• [To do]:
At the line with "is a simple", start repeating the data, and continue line by line through the final line, exactly.

• [Provided data]:
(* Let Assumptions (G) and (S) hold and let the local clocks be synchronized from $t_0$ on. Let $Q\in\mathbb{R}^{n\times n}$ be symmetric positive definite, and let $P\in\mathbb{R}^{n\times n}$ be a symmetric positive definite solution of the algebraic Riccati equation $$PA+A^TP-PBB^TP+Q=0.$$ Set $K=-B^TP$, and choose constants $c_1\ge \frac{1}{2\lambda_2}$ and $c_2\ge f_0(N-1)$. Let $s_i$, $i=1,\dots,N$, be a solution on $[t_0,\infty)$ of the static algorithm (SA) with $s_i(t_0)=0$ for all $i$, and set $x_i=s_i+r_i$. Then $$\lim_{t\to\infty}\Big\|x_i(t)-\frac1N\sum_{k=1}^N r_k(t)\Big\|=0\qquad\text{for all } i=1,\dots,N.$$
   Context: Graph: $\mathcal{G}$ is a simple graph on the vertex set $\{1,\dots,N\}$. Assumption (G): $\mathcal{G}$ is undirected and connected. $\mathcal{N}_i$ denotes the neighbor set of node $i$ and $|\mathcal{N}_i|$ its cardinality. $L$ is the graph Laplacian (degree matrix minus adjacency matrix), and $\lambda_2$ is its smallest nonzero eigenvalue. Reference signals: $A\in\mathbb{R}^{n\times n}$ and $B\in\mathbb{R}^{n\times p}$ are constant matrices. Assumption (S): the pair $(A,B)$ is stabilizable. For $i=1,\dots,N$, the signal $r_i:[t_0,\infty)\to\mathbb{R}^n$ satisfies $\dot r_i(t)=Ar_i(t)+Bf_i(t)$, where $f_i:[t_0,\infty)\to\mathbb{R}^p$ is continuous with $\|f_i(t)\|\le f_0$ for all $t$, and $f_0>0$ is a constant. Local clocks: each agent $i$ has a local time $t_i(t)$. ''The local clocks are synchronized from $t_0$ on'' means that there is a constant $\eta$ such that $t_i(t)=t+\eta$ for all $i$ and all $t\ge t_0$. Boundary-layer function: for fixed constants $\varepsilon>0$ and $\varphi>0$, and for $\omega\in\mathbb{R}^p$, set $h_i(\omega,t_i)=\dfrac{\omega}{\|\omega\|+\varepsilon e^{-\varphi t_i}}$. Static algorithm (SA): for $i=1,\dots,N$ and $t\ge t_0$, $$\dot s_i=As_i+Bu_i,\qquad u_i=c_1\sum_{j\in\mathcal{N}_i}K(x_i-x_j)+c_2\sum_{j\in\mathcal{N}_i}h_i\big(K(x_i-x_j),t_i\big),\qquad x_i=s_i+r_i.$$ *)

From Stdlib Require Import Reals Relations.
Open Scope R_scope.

• [Response to the task]:
   Context: Graph: $\mathcal{G}$ is a simple graph on the vertex set $\{1,\dots,N\}$. Assumption (G): $\mathcal{G}$ is undirected and connected. $\mathcal{N}_i$ denotes the neighbor set of node $i$ and $|\mathcal{N}_i|$ its cardinality. $L$ is the graph Laplacian (degree matrix minus adjacency matrix), and $\lambda_2$ is its smallest nonzero eigenvalue. Reference signals: $A\in\mathbb{R}^{n\times n}$ and $B\in\mathbb{R}^{n\times p}$ are constant matrices. Assumption (S): the pair $(A,B)$ is stabilizable. For $i=1,\dots,N$, the signal $r_i:[t_0,\infty)\to\mathbb{R}^n$ satisfies $\dot r_i(t)=Ar_i(t)+Bf_i(t)$, where $f_i:[t_0,\infty)\to\mathbb{R}^p$ is continuous with $\|f_i(t)\|\le f_0$ for all $t$, and $f_0>0$ is a constant. Local clocks: each agent $i$ has a local time $t_i(t)$. ''The local clocks are synchronized from $t_0$ on'' means that there is a constant $\eta$ such that $t_i(t)=t+\eta$ for all $i$ and all $t\ge t_0$. Boundary-layer function: for fixed constants $\varepsilon>0$ and $\varphi>0$, and for $\omega\in\mathbb{R}^p$, set $h_i(\omega,t_i)=\dfrac{\omega}{\|\omega\|+\varepsilon e^{-\varphi t_i}}$. Static algorithm (SA): for $i=1,\dots,N$ and $t\ge t_0$, $$\dot s_i=As_i+Bu_i,\qquad u_i=c_1\sum_{j\in\mathcal{N}_i}K(x_i-x_j)+c_2\sum_{j\in\mathcal{N}_i}h_i\big(K(x_i-x_j),t_i\big),\qquad x_i=s_i+r_i.$$ *)

From Stdlib Require Import Reals Relations.
Open Scope R_scope.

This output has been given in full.